(Stored items)
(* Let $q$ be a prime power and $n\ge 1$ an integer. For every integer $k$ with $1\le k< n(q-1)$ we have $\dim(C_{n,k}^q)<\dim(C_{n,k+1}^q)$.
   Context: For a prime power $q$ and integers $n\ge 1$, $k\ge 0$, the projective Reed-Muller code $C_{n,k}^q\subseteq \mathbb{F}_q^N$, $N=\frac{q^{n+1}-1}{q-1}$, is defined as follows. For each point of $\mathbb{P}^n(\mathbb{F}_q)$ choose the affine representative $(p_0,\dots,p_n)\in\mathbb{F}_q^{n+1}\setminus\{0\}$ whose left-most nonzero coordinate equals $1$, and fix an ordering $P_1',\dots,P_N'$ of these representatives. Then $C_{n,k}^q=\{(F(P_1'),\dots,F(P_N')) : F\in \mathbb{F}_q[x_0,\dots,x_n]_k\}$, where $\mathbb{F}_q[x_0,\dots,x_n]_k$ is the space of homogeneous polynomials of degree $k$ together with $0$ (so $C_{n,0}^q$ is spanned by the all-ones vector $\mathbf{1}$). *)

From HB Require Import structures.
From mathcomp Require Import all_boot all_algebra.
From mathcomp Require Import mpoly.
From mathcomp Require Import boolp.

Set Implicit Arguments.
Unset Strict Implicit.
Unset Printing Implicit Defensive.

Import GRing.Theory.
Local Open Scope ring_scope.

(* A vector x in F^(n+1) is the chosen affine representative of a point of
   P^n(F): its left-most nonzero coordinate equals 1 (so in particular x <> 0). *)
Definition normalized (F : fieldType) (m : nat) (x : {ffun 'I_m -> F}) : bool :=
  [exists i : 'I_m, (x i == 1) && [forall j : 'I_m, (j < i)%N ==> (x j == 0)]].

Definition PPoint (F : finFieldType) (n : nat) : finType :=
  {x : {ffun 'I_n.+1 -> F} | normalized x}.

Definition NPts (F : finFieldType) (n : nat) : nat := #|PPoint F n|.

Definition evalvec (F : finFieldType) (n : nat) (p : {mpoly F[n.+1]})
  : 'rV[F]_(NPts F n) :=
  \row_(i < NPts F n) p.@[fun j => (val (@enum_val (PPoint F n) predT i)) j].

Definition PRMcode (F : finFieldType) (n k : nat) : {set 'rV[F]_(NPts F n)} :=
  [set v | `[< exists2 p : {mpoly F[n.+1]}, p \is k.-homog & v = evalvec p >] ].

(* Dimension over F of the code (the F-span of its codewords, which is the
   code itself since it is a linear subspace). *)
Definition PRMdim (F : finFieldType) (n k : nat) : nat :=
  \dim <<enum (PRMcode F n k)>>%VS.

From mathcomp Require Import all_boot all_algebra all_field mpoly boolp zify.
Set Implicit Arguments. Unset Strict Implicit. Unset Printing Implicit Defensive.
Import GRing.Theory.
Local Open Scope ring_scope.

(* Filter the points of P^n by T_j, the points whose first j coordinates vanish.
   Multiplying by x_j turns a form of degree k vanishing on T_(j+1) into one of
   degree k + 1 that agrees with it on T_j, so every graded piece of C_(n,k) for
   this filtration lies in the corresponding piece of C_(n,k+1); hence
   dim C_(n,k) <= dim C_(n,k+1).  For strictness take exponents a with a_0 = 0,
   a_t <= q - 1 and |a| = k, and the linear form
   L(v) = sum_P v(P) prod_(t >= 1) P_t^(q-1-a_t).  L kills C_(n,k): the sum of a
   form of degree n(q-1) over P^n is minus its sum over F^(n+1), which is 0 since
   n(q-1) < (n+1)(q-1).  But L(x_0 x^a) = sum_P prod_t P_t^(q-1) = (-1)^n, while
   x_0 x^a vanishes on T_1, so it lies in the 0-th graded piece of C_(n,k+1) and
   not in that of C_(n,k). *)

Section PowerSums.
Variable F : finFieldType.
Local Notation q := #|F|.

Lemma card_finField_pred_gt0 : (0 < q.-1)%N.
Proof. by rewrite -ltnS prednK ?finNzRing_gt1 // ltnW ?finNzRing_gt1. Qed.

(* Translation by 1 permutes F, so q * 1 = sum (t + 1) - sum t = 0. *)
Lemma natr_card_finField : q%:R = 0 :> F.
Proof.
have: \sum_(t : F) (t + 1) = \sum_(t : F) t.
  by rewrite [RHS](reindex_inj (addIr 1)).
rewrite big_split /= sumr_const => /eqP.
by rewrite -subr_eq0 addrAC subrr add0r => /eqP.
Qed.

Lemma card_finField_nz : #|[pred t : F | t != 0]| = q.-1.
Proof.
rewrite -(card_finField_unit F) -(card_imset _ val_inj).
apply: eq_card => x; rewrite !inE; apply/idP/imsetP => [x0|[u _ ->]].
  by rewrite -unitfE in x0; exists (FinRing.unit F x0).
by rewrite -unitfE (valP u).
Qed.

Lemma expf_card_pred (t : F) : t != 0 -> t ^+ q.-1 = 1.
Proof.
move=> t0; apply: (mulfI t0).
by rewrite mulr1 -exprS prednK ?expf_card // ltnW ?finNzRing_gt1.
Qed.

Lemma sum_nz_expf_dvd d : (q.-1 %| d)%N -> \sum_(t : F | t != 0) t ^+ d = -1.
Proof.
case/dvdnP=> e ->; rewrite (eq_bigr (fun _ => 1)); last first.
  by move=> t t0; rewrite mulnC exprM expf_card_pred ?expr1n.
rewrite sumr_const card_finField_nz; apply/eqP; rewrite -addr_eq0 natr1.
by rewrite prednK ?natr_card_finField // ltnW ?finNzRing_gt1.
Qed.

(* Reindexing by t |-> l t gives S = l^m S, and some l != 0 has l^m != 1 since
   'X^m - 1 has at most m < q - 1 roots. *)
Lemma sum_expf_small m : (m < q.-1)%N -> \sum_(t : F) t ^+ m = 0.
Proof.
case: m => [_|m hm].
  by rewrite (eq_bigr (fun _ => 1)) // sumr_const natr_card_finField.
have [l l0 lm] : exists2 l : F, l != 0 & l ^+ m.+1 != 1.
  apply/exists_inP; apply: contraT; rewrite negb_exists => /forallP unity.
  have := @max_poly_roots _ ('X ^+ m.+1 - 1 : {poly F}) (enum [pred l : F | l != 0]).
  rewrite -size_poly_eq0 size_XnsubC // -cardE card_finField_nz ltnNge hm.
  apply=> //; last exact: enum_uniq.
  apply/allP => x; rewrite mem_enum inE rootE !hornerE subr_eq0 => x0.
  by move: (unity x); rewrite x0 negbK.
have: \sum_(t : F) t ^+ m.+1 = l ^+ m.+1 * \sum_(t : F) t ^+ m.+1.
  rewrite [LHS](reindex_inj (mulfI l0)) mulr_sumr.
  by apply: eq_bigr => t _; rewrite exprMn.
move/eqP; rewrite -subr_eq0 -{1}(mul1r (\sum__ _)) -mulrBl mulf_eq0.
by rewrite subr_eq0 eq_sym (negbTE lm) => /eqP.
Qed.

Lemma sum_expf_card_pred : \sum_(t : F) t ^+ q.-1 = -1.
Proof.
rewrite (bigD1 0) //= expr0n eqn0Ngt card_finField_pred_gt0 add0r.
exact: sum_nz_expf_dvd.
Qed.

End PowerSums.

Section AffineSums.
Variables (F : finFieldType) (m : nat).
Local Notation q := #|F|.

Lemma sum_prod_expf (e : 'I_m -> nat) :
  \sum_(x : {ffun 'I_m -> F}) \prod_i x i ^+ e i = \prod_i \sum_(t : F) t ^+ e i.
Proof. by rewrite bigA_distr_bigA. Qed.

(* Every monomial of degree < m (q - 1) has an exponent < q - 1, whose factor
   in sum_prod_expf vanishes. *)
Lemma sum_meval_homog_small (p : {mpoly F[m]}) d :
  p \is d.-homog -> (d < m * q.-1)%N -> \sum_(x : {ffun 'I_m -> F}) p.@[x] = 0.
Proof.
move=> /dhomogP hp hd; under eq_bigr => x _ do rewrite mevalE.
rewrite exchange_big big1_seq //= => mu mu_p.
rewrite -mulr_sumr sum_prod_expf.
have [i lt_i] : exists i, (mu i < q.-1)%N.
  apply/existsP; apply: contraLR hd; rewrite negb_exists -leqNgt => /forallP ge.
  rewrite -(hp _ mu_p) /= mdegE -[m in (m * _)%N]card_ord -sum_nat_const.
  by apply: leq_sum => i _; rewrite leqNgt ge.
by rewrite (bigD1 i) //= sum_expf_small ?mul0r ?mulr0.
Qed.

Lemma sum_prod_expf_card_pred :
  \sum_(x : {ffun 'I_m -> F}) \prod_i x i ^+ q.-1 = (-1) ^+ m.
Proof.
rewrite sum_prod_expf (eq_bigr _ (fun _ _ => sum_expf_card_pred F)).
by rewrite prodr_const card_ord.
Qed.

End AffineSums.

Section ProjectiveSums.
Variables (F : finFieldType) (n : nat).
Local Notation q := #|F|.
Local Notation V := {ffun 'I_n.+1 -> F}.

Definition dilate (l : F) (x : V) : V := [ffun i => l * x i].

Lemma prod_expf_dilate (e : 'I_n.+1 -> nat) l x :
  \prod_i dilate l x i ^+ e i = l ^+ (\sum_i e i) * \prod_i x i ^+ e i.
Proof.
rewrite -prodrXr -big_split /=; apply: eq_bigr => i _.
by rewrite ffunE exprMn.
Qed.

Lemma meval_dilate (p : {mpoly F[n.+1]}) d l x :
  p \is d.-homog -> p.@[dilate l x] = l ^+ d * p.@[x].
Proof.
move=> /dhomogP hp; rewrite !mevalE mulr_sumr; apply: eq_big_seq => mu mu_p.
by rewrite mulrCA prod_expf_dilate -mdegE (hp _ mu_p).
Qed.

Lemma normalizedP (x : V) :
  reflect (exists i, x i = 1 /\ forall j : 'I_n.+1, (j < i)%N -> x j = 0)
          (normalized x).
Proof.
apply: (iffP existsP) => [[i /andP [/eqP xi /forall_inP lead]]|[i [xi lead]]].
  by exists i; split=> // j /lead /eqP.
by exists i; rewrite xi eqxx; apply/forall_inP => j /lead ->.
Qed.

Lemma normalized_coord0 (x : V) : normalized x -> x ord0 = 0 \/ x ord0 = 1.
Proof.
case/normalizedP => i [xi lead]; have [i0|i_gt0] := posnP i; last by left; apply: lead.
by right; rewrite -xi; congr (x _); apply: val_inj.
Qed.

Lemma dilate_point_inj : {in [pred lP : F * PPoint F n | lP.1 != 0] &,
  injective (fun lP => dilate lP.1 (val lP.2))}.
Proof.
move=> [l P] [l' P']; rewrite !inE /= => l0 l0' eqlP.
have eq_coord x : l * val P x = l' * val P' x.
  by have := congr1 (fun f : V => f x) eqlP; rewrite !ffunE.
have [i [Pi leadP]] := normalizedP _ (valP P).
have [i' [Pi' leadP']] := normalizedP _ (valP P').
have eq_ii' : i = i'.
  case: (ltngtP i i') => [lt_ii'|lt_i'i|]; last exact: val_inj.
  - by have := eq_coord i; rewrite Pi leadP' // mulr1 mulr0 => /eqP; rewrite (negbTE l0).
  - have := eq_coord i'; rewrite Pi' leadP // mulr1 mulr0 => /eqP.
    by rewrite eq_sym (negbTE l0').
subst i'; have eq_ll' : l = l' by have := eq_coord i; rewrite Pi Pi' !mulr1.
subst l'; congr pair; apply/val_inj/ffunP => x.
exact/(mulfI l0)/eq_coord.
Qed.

---

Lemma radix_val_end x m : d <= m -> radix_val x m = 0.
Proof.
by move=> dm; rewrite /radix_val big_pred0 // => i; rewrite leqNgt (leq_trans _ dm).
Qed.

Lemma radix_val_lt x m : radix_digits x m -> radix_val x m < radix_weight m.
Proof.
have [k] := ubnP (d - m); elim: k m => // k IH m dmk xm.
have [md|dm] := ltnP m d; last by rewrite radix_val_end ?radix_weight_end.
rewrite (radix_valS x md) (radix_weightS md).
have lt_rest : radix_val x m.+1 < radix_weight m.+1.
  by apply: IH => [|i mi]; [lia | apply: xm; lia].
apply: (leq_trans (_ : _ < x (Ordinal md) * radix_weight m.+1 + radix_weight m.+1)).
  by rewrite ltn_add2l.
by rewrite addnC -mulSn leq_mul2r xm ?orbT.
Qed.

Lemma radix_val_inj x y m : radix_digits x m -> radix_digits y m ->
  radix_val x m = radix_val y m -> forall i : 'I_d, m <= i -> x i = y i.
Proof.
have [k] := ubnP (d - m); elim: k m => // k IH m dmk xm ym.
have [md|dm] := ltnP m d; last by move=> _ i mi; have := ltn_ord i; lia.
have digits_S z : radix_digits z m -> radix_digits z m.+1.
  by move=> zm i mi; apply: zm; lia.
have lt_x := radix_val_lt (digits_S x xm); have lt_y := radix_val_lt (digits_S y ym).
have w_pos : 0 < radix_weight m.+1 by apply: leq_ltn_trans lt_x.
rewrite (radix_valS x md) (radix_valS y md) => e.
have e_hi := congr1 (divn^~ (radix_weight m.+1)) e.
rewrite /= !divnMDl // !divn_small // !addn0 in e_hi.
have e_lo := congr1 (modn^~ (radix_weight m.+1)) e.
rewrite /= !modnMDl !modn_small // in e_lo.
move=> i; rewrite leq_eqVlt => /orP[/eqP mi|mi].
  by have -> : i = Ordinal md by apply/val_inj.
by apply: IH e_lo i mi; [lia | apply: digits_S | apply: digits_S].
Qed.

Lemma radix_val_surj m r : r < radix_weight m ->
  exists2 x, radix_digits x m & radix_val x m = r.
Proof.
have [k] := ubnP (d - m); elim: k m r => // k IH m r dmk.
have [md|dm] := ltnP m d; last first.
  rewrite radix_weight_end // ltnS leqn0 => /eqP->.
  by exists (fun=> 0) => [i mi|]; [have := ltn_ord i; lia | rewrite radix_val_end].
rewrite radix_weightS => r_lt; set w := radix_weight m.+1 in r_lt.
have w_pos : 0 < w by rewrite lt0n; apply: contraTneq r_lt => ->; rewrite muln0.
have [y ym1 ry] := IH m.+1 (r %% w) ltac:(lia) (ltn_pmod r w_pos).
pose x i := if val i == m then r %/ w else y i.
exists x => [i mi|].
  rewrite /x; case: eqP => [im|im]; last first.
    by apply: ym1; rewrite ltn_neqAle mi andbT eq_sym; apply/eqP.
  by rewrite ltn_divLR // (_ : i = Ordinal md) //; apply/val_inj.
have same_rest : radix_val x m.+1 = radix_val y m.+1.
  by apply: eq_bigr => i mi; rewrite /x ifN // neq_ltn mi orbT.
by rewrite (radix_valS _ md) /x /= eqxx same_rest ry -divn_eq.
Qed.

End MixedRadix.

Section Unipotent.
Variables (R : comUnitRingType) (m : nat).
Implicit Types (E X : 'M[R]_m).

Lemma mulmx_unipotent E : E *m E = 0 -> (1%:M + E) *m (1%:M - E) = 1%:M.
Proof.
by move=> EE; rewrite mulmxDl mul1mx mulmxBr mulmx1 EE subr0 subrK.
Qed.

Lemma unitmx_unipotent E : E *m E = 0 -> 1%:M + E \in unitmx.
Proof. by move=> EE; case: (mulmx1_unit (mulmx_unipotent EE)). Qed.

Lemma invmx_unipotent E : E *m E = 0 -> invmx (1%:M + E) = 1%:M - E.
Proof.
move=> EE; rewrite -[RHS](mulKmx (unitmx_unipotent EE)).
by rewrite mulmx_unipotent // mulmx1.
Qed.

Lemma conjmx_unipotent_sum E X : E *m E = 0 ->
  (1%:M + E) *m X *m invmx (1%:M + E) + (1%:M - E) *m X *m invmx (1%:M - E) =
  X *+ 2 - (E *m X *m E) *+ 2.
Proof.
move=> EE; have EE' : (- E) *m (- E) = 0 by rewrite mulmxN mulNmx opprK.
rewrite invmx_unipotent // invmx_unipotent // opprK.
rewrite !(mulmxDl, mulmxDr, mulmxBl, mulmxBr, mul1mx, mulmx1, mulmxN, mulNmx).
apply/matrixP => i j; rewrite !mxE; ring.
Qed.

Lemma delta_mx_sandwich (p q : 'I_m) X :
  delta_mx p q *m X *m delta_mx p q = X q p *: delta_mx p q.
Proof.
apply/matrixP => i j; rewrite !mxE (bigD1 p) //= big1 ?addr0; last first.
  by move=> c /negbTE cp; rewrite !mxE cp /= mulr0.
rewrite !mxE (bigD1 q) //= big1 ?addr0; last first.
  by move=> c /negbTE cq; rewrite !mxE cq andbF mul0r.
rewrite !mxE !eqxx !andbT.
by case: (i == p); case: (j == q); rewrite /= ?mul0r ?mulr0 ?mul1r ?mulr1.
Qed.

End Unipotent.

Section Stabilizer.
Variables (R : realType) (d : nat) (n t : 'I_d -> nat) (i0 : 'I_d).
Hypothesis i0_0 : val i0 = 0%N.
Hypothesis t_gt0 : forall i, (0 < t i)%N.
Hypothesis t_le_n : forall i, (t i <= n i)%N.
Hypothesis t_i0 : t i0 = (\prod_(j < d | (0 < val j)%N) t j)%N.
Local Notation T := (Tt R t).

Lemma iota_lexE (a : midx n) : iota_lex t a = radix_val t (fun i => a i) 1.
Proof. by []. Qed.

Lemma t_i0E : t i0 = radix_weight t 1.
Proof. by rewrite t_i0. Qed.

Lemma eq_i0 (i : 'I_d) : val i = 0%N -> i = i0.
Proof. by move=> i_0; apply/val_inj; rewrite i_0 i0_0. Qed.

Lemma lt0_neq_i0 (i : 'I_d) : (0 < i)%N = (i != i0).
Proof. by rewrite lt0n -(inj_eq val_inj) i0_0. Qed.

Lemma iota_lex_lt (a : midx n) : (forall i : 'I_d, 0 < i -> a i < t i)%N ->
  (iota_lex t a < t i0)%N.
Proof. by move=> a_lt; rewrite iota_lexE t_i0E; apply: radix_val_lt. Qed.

(GOAL OF THE EXERCISE)
From the records above, extract exactly and only the lines that begin at the line with "move=> t0; apply: (mulfI t0)." and stop after the line with "rewrite sumr_const card_finField_nz;".

(YOUR RESPONSE)
move=> t0; apply: (mulfI t0).
by rewrite mulr1 -exprS prednK ?expf_card // ltnW ?finNzRing_gt1.
Qed.

Lemma sum_nz_expf_dvd d : (q.-1 %| d)%N -> \sum_(t : F | t != 0) t ^+ d = -1.
Proof.
case/dvdnP=> e ->; rewrite (eq_bigr (fun _ => 1)); last first.
  by move=> t t0; rewrite mulnC exprM expf_card_pred ?expr1n.
rewrite sumr_const card_finField_nz; apply/eqP; rewrite -addr_eq0 natr1.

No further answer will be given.